**Task brief:** Report every line of the data where the string "mathcomp" appears.

**Material for this task:**
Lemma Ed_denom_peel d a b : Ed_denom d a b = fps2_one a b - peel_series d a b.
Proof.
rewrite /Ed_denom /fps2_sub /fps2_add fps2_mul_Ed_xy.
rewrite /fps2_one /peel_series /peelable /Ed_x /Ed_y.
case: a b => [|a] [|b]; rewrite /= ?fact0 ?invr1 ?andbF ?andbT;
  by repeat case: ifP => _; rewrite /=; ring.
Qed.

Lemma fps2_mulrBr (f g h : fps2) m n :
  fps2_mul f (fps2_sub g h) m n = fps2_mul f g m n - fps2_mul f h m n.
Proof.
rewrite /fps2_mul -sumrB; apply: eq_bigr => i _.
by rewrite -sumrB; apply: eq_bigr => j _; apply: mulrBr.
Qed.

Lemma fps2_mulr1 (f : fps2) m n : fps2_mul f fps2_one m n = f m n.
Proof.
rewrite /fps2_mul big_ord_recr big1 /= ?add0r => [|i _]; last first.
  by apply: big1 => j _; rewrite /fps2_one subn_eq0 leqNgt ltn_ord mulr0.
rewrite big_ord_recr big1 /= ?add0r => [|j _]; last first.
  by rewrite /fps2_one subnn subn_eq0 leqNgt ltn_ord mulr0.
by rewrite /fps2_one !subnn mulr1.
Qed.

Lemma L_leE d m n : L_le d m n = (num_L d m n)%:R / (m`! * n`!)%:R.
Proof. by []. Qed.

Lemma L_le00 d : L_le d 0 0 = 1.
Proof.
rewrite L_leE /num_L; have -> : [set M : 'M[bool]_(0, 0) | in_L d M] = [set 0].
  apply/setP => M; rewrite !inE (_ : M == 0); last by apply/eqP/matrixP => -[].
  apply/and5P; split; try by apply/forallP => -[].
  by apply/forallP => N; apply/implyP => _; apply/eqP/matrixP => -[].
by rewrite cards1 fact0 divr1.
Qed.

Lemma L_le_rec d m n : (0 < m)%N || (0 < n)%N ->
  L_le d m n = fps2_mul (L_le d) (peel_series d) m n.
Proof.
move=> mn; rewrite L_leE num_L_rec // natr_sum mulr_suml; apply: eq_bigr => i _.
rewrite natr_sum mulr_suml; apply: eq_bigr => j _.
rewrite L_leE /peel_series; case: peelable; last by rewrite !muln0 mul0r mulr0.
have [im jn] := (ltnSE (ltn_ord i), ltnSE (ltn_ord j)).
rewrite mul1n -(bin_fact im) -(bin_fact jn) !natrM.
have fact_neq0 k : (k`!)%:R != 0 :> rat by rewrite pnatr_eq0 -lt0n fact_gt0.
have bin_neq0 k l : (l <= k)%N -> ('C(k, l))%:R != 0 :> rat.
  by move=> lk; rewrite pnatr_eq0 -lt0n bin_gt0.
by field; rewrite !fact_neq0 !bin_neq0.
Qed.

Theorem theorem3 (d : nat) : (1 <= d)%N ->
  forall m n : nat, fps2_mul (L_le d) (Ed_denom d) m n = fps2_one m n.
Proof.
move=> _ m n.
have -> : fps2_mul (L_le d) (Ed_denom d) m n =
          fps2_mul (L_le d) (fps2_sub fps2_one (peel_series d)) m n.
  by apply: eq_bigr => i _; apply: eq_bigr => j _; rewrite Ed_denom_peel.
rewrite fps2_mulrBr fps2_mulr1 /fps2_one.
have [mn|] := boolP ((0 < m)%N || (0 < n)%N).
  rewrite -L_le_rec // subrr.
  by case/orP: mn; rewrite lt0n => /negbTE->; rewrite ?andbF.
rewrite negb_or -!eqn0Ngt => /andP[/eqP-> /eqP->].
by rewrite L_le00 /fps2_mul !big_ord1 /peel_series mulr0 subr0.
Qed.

...

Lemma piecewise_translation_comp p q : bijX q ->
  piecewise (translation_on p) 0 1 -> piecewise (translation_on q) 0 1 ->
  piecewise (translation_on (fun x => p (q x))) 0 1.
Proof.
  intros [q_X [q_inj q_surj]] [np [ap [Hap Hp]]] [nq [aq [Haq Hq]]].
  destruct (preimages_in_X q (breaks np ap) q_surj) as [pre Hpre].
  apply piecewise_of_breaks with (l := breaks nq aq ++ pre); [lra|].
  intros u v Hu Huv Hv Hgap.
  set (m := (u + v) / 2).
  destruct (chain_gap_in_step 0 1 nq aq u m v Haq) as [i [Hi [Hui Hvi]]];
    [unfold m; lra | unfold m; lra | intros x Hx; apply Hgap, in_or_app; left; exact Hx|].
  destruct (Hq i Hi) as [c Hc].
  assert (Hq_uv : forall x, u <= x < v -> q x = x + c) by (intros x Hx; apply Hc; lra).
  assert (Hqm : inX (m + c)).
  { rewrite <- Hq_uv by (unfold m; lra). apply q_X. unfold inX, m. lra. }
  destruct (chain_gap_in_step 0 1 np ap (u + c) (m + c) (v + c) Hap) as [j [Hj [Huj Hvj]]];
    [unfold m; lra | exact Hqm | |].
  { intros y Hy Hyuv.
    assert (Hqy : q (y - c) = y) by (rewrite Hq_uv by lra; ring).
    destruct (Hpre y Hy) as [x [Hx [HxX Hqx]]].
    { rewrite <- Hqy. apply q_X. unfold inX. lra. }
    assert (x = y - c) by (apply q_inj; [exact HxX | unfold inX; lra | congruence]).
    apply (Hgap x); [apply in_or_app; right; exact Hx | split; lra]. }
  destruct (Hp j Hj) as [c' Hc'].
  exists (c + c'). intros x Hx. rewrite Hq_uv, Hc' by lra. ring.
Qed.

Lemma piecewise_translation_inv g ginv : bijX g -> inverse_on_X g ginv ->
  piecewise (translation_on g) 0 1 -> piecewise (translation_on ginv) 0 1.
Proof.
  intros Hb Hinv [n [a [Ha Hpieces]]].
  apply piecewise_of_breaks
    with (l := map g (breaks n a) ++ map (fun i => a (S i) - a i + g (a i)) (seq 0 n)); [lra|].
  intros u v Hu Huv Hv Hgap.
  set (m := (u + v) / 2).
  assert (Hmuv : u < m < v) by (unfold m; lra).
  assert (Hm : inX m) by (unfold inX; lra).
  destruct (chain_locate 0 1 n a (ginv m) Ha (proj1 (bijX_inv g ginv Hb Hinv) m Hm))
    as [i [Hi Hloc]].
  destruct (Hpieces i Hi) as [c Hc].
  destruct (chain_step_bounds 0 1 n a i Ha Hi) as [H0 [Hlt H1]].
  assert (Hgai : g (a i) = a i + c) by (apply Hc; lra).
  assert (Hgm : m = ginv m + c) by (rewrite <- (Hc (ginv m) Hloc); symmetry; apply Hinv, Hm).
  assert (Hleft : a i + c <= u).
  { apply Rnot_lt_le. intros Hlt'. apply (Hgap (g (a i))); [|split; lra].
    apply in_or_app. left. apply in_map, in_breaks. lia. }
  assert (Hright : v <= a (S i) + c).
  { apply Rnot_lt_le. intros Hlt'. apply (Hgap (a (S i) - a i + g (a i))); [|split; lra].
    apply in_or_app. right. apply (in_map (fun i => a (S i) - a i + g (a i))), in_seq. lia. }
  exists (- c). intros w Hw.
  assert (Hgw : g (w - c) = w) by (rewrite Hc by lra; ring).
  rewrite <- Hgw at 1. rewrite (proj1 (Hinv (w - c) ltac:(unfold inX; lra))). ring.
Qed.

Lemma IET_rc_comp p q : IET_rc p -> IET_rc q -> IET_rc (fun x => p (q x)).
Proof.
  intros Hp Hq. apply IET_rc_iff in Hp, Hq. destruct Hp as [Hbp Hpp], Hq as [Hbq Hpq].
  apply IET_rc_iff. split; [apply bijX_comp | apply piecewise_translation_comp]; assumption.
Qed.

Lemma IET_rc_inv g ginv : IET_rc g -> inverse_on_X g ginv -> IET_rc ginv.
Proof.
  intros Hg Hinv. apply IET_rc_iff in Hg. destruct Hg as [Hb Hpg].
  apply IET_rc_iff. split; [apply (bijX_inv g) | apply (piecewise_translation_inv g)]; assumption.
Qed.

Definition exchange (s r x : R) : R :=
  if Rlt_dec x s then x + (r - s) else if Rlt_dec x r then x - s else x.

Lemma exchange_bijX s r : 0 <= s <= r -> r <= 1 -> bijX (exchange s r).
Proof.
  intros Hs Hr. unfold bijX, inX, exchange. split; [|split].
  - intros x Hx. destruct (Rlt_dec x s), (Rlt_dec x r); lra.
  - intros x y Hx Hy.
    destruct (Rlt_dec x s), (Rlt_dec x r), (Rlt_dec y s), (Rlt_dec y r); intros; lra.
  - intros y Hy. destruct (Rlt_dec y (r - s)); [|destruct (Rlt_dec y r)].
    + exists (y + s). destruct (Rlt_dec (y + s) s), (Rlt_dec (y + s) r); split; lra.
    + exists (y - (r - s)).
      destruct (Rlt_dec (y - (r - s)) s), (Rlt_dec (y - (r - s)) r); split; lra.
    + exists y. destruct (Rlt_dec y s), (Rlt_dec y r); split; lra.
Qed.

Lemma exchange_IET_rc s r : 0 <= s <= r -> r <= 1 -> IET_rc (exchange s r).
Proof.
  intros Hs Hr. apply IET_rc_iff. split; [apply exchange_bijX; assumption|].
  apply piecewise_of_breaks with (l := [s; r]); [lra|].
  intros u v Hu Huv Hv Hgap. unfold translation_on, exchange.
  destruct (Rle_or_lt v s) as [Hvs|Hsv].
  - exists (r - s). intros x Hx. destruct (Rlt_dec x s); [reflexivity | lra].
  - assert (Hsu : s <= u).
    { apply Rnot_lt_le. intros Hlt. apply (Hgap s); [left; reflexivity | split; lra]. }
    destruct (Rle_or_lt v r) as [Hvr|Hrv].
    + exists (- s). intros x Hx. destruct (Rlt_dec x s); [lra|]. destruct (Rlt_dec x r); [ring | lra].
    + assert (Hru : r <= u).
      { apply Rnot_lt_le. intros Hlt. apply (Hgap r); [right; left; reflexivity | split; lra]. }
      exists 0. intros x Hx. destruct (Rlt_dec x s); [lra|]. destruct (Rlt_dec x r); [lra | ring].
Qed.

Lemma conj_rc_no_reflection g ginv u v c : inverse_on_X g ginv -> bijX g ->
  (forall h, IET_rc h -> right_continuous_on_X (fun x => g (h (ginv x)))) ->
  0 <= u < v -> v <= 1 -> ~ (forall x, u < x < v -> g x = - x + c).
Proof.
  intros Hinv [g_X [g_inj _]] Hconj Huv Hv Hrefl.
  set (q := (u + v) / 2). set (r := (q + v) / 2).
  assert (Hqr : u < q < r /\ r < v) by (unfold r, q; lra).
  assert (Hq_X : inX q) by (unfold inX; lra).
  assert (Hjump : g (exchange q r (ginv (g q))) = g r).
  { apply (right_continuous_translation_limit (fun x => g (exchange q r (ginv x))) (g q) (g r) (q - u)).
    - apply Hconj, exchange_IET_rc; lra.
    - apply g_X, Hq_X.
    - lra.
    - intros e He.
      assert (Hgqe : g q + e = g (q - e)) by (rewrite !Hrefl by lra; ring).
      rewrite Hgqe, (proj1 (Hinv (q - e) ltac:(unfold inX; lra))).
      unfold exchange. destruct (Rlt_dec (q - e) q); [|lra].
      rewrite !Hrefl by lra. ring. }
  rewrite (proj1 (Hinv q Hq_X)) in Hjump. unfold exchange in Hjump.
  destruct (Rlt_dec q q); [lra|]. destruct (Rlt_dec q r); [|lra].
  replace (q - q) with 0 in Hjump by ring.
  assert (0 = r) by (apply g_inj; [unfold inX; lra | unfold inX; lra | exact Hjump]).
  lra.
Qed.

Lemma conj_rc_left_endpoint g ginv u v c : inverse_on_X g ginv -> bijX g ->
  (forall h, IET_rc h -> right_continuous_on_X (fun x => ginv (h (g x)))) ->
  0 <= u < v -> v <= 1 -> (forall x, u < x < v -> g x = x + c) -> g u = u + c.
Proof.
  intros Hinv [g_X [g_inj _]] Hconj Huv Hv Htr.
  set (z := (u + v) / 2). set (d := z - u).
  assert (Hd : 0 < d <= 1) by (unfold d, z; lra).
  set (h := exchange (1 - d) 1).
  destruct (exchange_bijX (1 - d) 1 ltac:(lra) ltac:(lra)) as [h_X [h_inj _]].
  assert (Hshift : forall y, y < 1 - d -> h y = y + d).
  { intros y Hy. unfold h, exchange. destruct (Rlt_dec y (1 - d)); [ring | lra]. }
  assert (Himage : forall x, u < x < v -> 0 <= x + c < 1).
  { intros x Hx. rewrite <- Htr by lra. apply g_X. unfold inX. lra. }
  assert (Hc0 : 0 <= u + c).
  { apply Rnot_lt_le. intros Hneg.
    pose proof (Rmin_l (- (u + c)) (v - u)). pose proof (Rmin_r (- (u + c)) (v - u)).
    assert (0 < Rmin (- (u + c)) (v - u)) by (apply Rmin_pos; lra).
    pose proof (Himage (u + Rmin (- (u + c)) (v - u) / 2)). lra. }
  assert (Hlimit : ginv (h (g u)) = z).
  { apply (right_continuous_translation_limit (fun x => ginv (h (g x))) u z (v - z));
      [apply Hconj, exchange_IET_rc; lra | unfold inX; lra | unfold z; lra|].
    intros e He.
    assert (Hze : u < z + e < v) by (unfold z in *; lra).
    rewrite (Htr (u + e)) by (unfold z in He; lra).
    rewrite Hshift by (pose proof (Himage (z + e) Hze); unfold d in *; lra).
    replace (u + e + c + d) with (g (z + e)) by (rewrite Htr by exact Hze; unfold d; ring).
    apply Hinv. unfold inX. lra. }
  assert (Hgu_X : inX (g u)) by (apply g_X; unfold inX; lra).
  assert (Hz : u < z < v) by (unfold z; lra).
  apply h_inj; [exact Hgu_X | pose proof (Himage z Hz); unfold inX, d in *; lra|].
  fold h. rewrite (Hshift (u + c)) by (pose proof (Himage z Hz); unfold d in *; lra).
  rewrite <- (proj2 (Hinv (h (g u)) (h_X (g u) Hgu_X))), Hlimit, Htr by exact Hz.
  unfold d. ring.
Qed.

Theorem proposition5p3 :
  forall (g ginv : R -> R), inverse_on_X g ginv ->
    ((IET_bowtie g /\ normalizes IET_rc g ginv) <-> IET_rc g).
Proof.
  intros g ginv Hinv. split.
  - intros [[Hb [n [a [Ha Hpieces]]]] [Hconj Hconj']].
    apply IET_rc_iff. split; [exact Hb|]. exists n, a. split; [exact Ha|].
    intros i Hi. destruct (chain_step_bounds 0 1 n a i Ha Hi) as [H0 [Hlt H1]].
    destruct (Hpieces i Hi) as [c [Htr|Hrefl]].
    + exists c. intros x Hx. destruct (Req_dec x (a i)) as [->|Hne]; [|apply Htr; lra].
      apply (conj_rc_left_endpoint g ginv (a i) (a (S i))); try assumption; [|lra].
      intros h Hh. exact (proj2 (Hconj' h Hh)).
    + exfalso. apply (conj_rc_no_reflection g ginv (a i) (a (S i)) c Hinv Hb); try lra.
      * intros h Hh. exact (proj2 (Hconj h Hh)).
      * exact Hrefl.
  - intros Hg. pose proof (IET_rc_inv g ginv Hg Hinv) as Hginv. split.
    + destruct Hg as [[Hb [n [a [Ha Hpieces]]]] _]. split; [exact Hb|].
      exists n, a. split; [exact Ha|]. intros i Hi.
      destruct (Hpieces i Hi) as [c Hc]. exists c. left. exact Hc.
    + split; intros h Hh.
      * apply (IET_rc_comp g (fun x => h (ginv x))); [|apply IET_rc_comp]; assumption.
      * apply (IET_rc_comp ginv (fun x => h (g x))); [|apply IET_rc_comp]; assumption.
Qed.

* * *

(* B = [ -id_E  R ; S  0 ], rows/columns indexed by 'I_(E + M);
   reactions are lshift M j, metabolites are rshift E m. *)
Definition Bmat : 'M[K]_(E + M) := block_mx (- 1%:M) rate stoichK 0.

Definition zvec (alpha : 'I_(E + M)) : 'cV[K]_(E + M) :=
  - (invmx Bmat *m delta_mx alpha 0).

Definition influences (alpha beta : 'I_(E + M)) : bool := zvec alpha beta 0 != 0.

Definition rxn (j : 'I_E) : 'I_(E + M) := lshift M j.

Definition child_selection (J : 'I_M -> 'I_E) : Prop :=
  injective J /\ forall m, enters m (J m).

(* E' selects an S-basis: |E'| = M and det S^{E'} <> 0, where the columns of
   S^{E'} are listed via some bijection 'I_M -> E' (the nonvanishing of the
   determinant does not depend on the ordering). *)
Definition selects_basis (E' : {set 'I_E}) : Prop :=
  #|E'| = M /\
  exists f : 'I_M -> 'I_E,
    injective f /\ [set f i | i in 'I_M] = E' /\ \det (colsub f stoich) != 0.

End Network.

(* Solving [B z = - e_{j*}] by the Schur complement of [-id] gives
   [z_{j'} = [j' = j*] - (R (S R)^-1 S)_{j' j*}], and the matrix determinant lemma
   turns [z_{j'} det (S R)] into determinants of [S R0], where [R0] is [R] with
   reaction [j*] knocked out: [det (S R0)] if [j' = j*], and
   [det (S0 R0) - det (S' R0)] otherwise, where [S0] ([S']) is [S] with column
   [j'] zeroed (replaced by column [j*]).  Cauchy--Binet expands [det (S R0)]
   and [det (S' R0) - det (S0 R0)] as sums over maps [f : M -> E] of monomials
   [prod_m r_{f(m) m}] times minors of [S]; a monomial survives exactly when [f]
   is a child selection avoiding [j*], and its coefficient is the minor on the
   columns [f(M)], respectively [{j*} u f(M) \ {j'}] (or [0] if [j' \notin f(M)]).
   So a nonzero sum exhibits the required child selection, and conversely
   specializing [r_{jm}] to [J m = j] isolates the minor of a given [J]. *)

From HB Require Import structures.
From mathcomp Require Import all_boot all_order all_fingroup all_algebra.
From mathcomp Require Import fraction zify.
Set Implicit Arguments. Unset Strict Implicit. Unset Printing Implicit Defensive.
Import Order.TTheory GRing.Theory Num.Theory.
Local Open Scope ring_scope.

**Exercise response:**
From mathcomp Require Import all_boot all_order all_fingroup all_algebra.
From mathcomp Require Import fraction zify.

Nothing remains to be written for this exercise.